[Extracted data entries]
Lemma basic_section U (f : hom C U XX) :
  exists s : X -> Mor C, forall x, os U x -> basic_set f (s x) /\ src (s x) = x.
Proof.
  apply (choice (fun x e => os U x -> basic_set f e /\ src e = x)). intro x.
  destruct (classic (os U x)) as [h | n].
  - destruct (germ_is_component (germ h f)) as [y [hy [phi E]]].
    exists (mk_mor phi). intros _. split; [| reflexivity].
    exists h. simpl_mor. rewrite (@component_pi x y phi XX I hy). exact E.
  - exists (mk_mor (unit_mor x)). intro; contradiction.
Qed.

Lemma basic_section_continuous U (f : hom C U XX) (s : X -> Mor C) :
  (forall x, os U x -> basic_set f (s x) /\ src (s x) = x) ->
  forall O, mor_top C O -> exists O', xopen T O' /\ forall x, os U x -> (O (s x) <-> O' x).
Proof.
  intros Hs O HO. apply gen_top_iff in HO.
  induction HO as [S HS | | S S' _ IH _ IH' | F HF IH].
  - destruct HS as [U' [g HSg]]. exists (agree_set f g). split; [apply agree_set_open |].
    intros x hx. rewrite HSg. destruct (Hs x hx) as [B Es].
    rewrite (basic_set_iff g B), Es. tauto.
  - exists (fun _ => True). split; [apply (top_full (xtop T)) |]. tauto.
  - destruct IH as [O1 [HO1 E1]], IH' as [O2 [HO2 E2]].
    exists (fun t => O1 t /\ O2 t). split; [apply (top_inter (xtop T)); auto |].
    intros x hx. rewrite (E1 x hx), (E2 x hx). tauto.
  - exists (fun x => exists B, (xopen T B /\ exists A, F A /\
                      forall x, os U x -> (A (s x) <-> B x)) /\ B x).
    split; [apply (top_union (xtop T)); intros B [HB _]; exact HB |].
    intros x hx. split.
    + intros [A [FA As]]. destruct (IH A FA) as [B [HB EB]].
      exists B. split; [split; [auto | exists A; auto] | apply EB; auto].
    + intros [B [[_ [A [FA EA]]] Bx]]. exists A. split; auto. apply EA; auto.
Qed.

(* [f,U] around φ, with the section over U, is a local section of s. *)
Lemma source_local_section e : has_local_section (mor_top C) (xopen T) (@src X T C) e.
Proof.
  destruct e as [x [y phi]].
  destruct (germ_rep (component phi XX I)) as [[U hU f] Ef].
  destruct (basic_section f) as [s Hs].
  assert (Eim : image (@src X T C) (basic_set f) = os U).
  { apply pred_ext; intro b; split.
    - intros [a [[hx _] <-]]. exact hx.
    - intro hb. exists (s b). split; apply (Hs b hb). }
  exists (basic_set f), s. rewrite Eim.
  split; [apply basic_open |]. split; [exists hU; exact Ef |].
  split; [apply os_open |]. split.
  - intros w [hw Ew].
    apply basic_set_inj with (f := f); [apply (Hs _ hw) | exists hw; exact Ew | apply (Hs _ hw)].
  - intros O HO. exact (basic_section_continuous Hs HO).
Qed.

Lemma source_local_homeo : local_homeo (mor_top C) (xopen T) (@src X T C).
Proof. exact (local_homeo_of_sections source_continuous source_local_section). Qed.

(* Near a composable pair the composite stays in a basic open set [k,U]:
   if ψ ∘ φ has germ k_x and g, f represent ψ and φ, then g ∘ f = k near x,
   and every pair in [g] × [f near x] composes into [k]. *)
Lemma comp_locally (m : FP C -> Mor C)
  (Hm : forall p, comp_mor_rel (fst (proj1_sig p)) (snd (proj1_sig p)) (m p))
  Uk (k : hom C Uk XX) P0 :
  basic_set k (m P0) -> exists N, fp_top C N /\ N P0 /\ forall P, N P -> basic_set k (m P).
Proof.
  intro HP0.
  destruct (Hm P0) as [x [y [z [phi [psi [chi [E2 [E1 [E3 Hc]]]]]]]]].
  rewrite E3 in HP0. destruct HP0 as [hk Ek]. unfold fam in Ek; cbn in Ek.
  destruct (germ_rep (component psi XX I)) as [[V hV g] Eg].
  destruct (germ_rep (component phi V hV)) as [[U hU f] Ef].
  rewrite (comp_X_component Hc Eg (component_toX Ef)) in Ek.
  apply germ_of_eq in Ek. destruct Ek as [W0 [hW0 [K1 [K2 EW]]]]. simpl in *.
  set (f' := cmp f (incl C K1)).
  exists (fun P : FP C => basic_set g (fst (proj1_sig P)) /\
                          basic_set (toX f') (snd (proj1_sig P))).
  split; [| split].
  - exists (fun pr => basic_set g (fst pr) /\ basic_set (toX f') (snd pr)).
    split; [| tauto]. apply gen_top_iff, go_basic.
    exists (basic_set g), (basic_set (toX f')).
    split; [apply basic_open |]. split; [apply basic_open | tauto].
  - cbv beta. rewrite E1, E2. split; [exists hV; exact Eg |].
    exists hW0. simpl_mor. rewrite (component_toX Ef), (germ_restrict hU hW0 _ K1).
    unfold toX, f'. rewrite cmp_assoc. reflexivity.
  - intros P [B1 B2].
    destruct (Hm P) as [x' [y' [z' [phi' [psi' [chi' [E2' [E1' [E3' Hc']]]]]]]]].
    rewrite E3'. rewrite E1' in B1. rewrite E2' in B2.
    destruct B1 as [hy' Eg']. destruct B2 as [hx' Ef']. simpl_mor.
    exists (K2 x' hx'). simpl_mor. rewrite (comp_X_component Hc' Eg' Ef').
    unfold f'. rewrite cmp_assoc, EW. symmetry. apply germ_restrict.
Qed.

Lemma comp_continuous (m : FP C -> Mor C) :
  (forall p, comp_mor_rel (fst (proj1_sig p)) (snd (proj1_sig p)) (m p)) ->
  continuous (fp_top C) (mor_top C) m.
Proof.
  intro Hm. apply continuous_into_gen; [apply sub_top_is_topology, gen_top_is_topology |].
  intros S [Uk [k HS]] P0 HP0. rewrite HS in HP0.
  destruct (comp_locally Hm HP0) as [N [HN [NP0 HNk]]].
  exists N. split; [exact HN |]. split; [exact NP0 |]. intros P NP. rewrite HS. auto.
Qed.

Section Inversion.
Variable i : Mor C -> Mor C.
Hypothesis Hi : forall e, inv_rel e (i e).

...

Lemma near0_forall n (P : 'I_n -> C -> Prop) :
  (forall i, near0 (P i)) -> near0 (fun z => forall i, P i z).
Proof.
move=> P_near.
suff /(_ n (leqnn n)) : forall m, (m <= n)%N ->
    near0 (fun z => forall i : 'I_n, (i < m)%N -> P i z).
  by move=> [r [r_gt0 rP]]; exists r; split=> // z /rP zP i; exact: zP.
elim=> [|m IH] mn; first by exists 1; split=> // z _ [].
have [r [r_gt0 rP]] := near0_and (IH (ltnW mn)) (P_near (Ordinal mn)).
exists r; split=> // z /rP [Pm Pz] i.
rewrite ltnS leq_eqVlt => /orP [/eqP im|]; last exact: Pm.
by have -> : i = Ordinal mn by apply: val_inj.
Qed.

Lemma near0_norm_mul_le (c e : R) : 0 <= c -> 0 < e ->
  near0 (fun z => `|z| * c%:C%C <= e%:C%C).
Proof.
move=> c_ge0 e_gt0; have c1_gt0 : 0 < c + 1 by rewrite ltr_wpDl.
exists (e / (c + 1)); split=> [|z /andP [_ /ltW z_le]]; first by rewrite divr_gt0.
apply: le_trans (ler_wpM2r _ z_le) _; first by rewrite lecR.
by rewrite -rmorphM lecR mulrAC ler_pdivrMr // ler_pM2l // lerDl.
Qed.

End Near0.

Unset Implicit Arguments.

## ACTIVITY:
Reproduce the lines above, beginning at the line with "destruct (Hm P0)" and stopping after the line with "split; [| tauto].", exactly as they are.

## WRITTEN ANSWER:
  destruct (Hm P0) as [x [y [z [phi [psi [chi [E2 [E1 [E3 Hc]]]]]]]]].
  rewrite E3 in HP0. destruct HP0 as [hk Ek]. unfold fam in Ek; cbn in Ek.
  destruct (germ_rep (component psi XX I)) as [[V hV g] Eg].
  destruct (germ_rep (component phi V hV)) as [[U hU f] Ef].
  rewrite (comp_X_component Hc Eg (component_toX Ef)) in Ek.
  apply germ_of_eq in Ek. destruct Ek as [W0 [hW0 [K1 [K2 EW]]]]. simpl in *.
  set (f' := cmp f (incl C K1)).
  exists (fun P : FP C => basic_set g (fst (proj1_sig P)) /\
                          basic_set (toX f') (snd (proj1_sig P))).
  split; [| split].
  - exists (fun pr => basic_set g (fst pr) /\ basic_set (toX f') (snd pr)).
    split; [| tauto]. apply gen_top_iff, go_basic.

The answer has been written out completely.